DESCRIPTION OF THE TASK
Wherever the string "with" appears in the entries below, return the line that holds it.

(Stored data entries)
........
(* g is a reduced expression of the minimal length element of the coset
   g W_P, where W_P (Weyl group of P_{varpi_p}) is generated by the simple
   reflections s_j, j != p. *)
Definition min_coset_rep (p : 'I_r) (g : seq 'I_r) : Prop :=
  forall u : seq 'I_r, all (fun j => j != p) u ->
  forall v : seq 'I_r, wact v =1 wact (g ++ u) -> (size g <= size v)%N.

(* alpha_k = s_{beta_1} ... s_{beta_{k-1}} (beta_k)  (0-based k) *)
Definition alpha (betas : seq 'rV[rat]_r) (k : nat) : 'rV[rat]_r :=
  foldr refl (nth 0 betas k) (take k betas).

End RootDatum.

(* The isometry T = -w0 maps positive roots to positive roots (every root is
   positive or negative because the root lattice is even and positive
   definite), and it sends alpha_p to beta; transporting
   by T turns the sum into one over the inversion roots
   alpha_k = s_{g_1} ... s_{g_{k-1}} (alpha_{g_k}) of the word g with g_k = p.
   For F_k = s_{g_1} ... s_{g_{k-1}} (varpi_p) one has
   F_k - F_{k+1} = [g_k = p] alpha_k, so the sum telescopes to
   B(alpha_i, F_{i+1} - F_n) = gamma_p - [g_i = p], where
   gamma = s_{g_n} ... s_{g_{i+1}} (alpha_{g_i}).  Since the word is reduced,
   gamma is a positive root, so gamma_p is 0 or 1 because varpi_p is
   minuscule; and gamma_p = 0 would put s_gamma in W_P, whereas
   g s_gamma is g with its i-th letter deleted, contradicting minimality of
   g in its coset. *)

From mathcomp Require Import all_boot all_order all_algebra.
From mathcomp Require Import ring lra.
Set Implicit Arguments. Unset Strict Implicit. Unset Printing Implicit Defensive.
Import Order.TTheory GRing.Theory Num.Theory.
Local Open Scope ring_scope.

Lemma intr_ge1 (R : archiNumDomainType) (c : R) :
  c \is a Num.int -> 0 < c -> 1 <= c.
Proof. by move=> cZ c_gt0; rewrite -(gtr0_norm c_gt0) norm_intr_ge1 ?lt0r_neq0. Qed.

Lemma nth_map_default (T1 T2 : Type) (x1 : T1) (x2 : T2) (f : T1 -> T2) s k :
  f x1 = x2 -> nth x2 (map f s) k = f (nth x1 s k).
Proof.
move=> fx1; case: (ltnP k (size s)) => [lt_k_s|le_s_k]; first exact: nth_map.
by rewrite !nth_default ?size_map.
Qed.

Section RootSystem.
Variables (r : nat) (A : 'M[rat]_r).
Implicit Types (x y z a : 'rV[rat]_r) (i j : 'I_r) (w u v : seq 'I_r).

Local Notation B := (bform A).
Local Notation s i := (refl A (sroot i)).
Local Notation W w := (wact A w).
Local Notation sroots g := [seq sroot j | j <- g].

Lemma bformDl x y z : B (x + y) z = B x z + B y z.
Proof. by rewrite /bform !mulmxDl mxE. Qed.

Lemma bformDr x y z : B x (y + z) = B x y + B x z.
Proof. by rewrite /bform linearD mulmxDr mxE. Qed.

Lemma bformZl c x y : B (c *: x) y = c * B x y.
Proof. by rewrite /bform -!scalemxAl mxE. Qed.

Lemma bformZr c x y : B x (c *: y) = c * B x y.
Proof. by rewrite /bform linearZ -scalemxAr mxE. Qed.

Lemma bformNl x y : B (- x) y = - B x y.
Proof. by rewrite -scaleN1r bformZl mulN1r. Qed.

Lemma bformNr x y : B x (- y) = - B x y.
Proof. by rewrite -scaleN1r bformZr mulN1r. Qed.

Lemma bformBl x y z : B (x - y) z = B x z - B y z.
Proof. by rewrite bformDl bformNl. Qed.

Lemma bformBr x y z : B x (y - z) = B x y - B x z.
Proof. by rewrite bformDr bformNr. Qed.

Lemma bform0l y : B 0 y = 0.
Proof. by rewrite -(scale0r 0) bformZl mul0r. Qed.

Lemma bform0r x : B x 0 = 0.
Proof. by rewrite -(scale0r 0) bformZr mul0r. Qed.

Lemma bform_suml (I : Type) (rI : seq I) (P : pred I) (F : I -> 'rV[rat]_r) y :
  B (\sum_(k <- rI | P k) F k) y = \sum_(k <- rI | P k) B (F k) y.
Proof. exact: (big_morph (B^~ y) (fun x z => bformDl x z y) (bform0l y)). Qed.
........
RESULT OF THE TASK
   alpha_k = s_{g_1} ... s_{g_{k-1}} (alpha_{g_k}) of the word g with g_k = p.
   g s_gamma is g with its i-th letter deleted, contradicting minimality of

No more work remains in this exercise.